Take away your tables of genealogy, burn your Burkes! This, or nothing, is all that is meant by good breeding. And you – the little scientific know-alls, forbear to talk in your damned superior fashion of Mendel and his law which anyway you don’t understand! Listen merely for once and you shall hear what is more convincing than your generalities, namely, that both children and grandchildren of this old man were in every way (save one) totally different to one another and to him, and that this common factor was to be found Where? – in an original dynamic energy transmitted by one man.

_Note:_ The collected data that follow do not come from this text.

(* Let $m\in\mathbb{N}$ and let $G$ be a bipartite graph with parts $X$ and $Y$, where $Y\neq\emptyset$, such that $|X|\geq |Y|+2m$ and every vertex in $Y$ has degree at least $|X|-m$. Then $G$ contains a collection of at most $\lfloor |X|/|Y|\rfloor$ paths whose union covers all vertices of $Y$ and all but $|Y|+2m$ vertices of $X$.
   Context: Paths may have length zero and need not be vertex-disjoint. *)

From mathcomp Require Import all_boot.
Set Implicit Arguments. Unset Strict Implicit. Unset Printing Implicit Defensive.

Definition simple_graph (T : finType) (e : rel T) : Prop :=
  irreflexive e /\ symmetric e.

Definition bipartite_with (T : finType) (e : rel T) (X Y : {set T}) : Prop :=
  [/\ [disjoint X & Y], X :|: Y = [set: T] &
      forall u v, e u v -> (u \in X) && (v \in Y) || (u \in Y) && (v \in X)].

Definition deg (T : finType) (e : rel T) (v : T) : nat := #|[set u | e v u]|.

(* A path in the graph: a nonempty sequence of pairwise distinct vertices,
   consecutive ones adjacent.  A single vertex is a path of length zero. *)
Definition gpath (T : finType) (e : rel T) (s : seq T) : bool :=
  [&& s != [::], uniq s & sorted e s].

Definition covered (T : finType) (P : seq (seq T)) (v : T) : bool :=
  has (fun s => v \in s) P.

From mathcomp Require Import all_boot.
From mathcomp Require Import zify.

Set Implicit Arguments.
Unset Strict Implicit.
Unset Printing Implicit Defensive.

(* Each vertex of Y misses at most m vertices of X, so two vertices of Y have
   at least |U| - 2m - |A| common neighbours in U \ A, for any U included in X.
   Hence, while some U included in X still has |Y| + 2m vertices, one threads a
   path y_0 x_0 y_1 x_1 ... y_k x_k through all of Y = {y_0, ..., y_k}, where
   x_i is a fresh common neighbour in U of y_i and y_(i+1) (a neighbour of y_k
   for i = k).  Removing from U the |Y| vertices x_i and iterating yields at
   most |X| / |Y| paths and leaves fewer than |Y| + 2m vertices of X uncovered. *)

Section PathCover.

Variables (T : finType) (e : rel T) (X Y : {set T}) (m : nat).
Hypothesis e_sym : symmetric e.
Hypothesis XY_bipartite : bipartite_with e X Y.
Hypothesis deg_Y : forall y, y \in Y -> #|X| - m <= deg e y.

Lemma notin_X y : y \in Y -> y \notin X.
Proof. by case: XY_bipartite => dXY _ _ yY; rewrite (disjointFl dXY yY). Qed.

Lemma neq_XY x y : x \in X -> y \in Y -> (x == y) = false.
Proof. by move=> xX yY; apply: contraTF xX => /eqP ->; exact: notin_X. Qed.

Lemma card_non_neighbors y : y \in Y -> #|X :\: [set u | e y u]| <= m.
Proof.
move=> yY; case: XY_bipartite => _ _ e_XY.
have sNX : [set u | e y u] \subset X.
  apply/subsetP => u; rewrite inE => /e_XY.
  by rewrite (negbTE (notin_X yY)) /= => /andP[].
by rewrite cardsDS //; have := deg_Y yY; rewrite /deg; lia.
Qed.

Lemma exists_common_neighbor (U A : {set T}) y y' :
    U \subset X -> y \in Y -> y' \in Y -> #|A| + 2 * m < #|U| ->
  exists2 x, x \in U :\: A & e y x && e y' x.
Proof.
move=> sUX yY y'Y ltAU.
pose C := [set x in U :\: A | e y x && e y' x].
have sU : U \subset A :|: C :|: (X :\: [set u | e y u]) :|: (X :\: [set u | e y' u]).
  apply/subsetP => x xU; rewrite !inE xU (subsetP sUX x xU) /= !andbT.
  by case: (x \in A); case: (e y x); case: (e y' x).
have cardU : #|U| <= #|A| + #|C| + m + m.
  apply: leq_trans (subset_leq_card sU) _.
  apply: leq_trans (leq_card_setU _ _).1 (leq_add _ (card_non_neighbors y'Y)).
  apply: leq_trans (leq_card_setU _ _).1 (leq_add _ (card_non_neighbors yY)).
  exact: (leq_card_setU _ _).1.
have /card_gt0P[x] : 0 < #|C| by lia.
by rewrite inE => /andP[]; exists x.
Qed.

Lemma alternating_path (U : {set T}) (ys : seq T) y0 :
    U \subset X -> y0 \in Y -> {subset ys <= Y} -> uniq (y0 :: ys) ->
    (size ys).+1 + 2 * m <= #|U| ->
  exists (A : {set T}) (p : seq T),
    [/\ A \subset U, #|A| = (size ys).+1, path e y0 p, uniq (y0 :: p) &
         forall z, (z \in p) = (z \in ys) || (z \in A)].
Proof.
move=> sUX; elim: ys y0 => [|y ys IH] y0 y0Y ysY uy0ys leU.
  have [|x] := @exists_common_neighbor U set0 y0 y0 sUX y0Y y0Y.
    by rewrite cards0; lia.
  rewrite setD0 andbb => xU ey0x.
  exists [set x], [:: x]; split.
  - by rewrite sub1set.
  - by rewrite cards1.
  - by rewrite /= ey0x.
  - by rewrite /= inE eq_sym neq_XY ?(subsetP sUX).
  - by move=> z; rewrite !inE.
have yY : y \in Y by apply: ysY; exact: mem_head.
have ysY' : {subset ys <= Y} by move=> z zys; apply: ysY; rewrite inE zys orbT.
move: uy0ys; rewrite /= inE negb_or => /and3P[/andP[y0y y0ys] yys uys].
have [||A [p [sAU cardA ep uyp memp]]] := IH y yY ysY'; first by rewrite /= yys.
  by move: leU => /=; lia.
have [|x /setDP[xU xA] /andP[ey0x eyx]] :=
  @exists_common_neighbor U A y0 y sUX y0Y yY.
  by move: leU => /=; lia.
have xX : x \in X := subsetP sUX x xU.
have xp : x \notin p.
  rewrite memp (negbTE xA) orbF; apply: contraTN xX => /ysY'; exact: notin_X.
have y0p : y0 \notin p.
  rewrite memp (negbTE y0ys) /=.
  by apply: contraNN (notin_X y0Y) => /(subsetP sAU)/(subsetP sUX).
exists (x |: A), [:: x, y & p]; split.
- by rewrite subUset sub1set xU.
- by rewrite cardsU1 xA cardA.
- by rewrite /= ey0x e_sym eyx.
- by rewrite /= !inE !negb_or (negbTE y0p) (negbTE xp) y0y eq_sym !(neq_XY xX).
- by move=> z; rewrite !inE memp -!orbA orbCA (orbCA (z == x)).
Qed.

Lemma path_cover (U : {set T}) : 0 < #|Y| -> U \subset X ->
  exists P : seq (seq T),
    [/\ all (gpath e) P, (forall s, s \in P -> {subset Y <= s}),
        size P * #|Y| <= #|U| &
        #|[set x in U | ~~ covered P x]| < #|Y| + 2 * m].
Proof.
move=> Y_gt0; elim: {U}_.+1 {-2}U (ltnSn #|U|) => // n IH U ltUn sUX.
have [small | big] := ltnP #|U| (#|Y| + 2 * m).
  exists [::]; split=> //; apply: leq_ltn_trans small.
  by apply: subset_leq_card; apply/subsetP => x; rewrite inE => /andP[].
have enumY_uniq := enum_uniq (mem Y).
have memY z : (z \in Y) = (z \in enum Y) by rewrite mem_enum.
have cardY : #|Y| = size (enum Y) by rewrite cardE.
case Ey: (enum Y) cardY enumY_uniq => [|y0 ys] cardY uy0ys; first by rewrite cardY in Y_gt0.
have y0Y : y0 \in Y by rewrite memY Ey mem_head.
have ysY : {subset ys <= Y} by move=> z zys; rewrite memY Ey inE zys orbT.
have [|A [p [sAU cardA ep uy0p memp]]] := alternating_path sUX y0Y ysY uy0ys.
  by rewrite cardY in big.
have cardUA : #|U :\: A| = #|U| - #|Y| by rewrite cardsDS // cardA cardY.
have ltUAn : #|U :\: A| < n by rewrite cardUA; lia.
have sUAX : U :\: A \subset X by rewrite (subset_trans (subsetDl U A)).
have [P [Pg PY sizeP uncovP]] := IH (U :\: A) ltUAn sUAX.
exists ((y0 :: p) :: P); split.
- by rewrite /= Pg andbT; apply/and3P.
- move=> s; rewrite inE => /orP[/eqP -> z | /PY //].
  by rewrite memY Ey !inE memp => /orP[-> | ->]; rewrite ?orbT.
- by rewrite /= mulSn; lia.
- apply: leq_ltn_trans uncovP; apply: subset_leq_card; apply/subsetP => x.
  rewrite !inE /covered /= in_cons memp !negb_or.
  by case/andP=> -> /andP[/andP[_ /andP[_ ->]] ->].
Qed.

End PathCover.

Theorem lemma2p3 (T : finType) (e : rel T) (X Y : {set T}) (m : nat) :
  simple_graph e ->
  bipartite_with e X Y ->
  Y != set0 ->
  #|Y| + 2 * m <= #|X| ->
  (forall y, y \in Y -> #|X| - m <= deg e y) ->
  exists P : seq (seq T),
    [/\ size P <= #|X| %/ #|Y|,
        all (gpath e) P,
        (forall y, y \in Y -> covered P y) &
        #|[set x in X | ~~ covered P x]| <= #|Y| + 2 * m].
Proof.
move=> [_ e_sym] XY_bip Y_neq0 bigX deg_Y.
have Y_gt0 : 0 < #|Y| by rewrite card_gt0.
have [P [Pg PY sizeP uncovP]] := path_cover e_sym XY_bip deg_Y Y_gt0 (subxx X).
exists P; split=> //; last exact: ltnW.
- by rewrite leq_divRL.
- case: P {Pg sizeP} PY uncovP => [|s P] PY uncovP y yY.
    suff uncovX : [set x in X | ~~ covered [::] x] = X.
      by rewrite uncovX ltnNge bigX in uncovP.
    by apply/setP => x; rewrite inE andbT.
  by rewrite /covered /= (PY s (mem_head _ _) y yY).
Qed.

This energy which was one, diversified itself in its application under other minds. Thus we come to Howard. Now, what was his ambition? That question can be answered shortly – his wife and his children. His method of providing for them has already been dealt with.
Howard was as unlike his father as could well be imagined. Substitute for the great bluff farmer a small though sturdy figure; for the round ruddy countenance a lined face – strong but a little anxious; change the forceful overbearing disposition to one of extreme gentleness; the temper ever liable to flare in short-lived violence, to a steady brilliance of courage. Substitute the broad boisterous man’s humour with a child’s twinkling gaiety. Keep only the unresting energy which is wearing out its sheath in a high-strung nature; and there, nervously gnawing his moustache even when playing at cricket with his boys, home for the holidays – there you have him.
Perhaps nothing could better show the difference between the two men than the fact that he did play cricket with his children. Imagine the old man ever doing it. What! The young varmints should be out at work! Only the tearful pleadings of their mother procured for them the small education they obtained. And she paid for it. Leisure!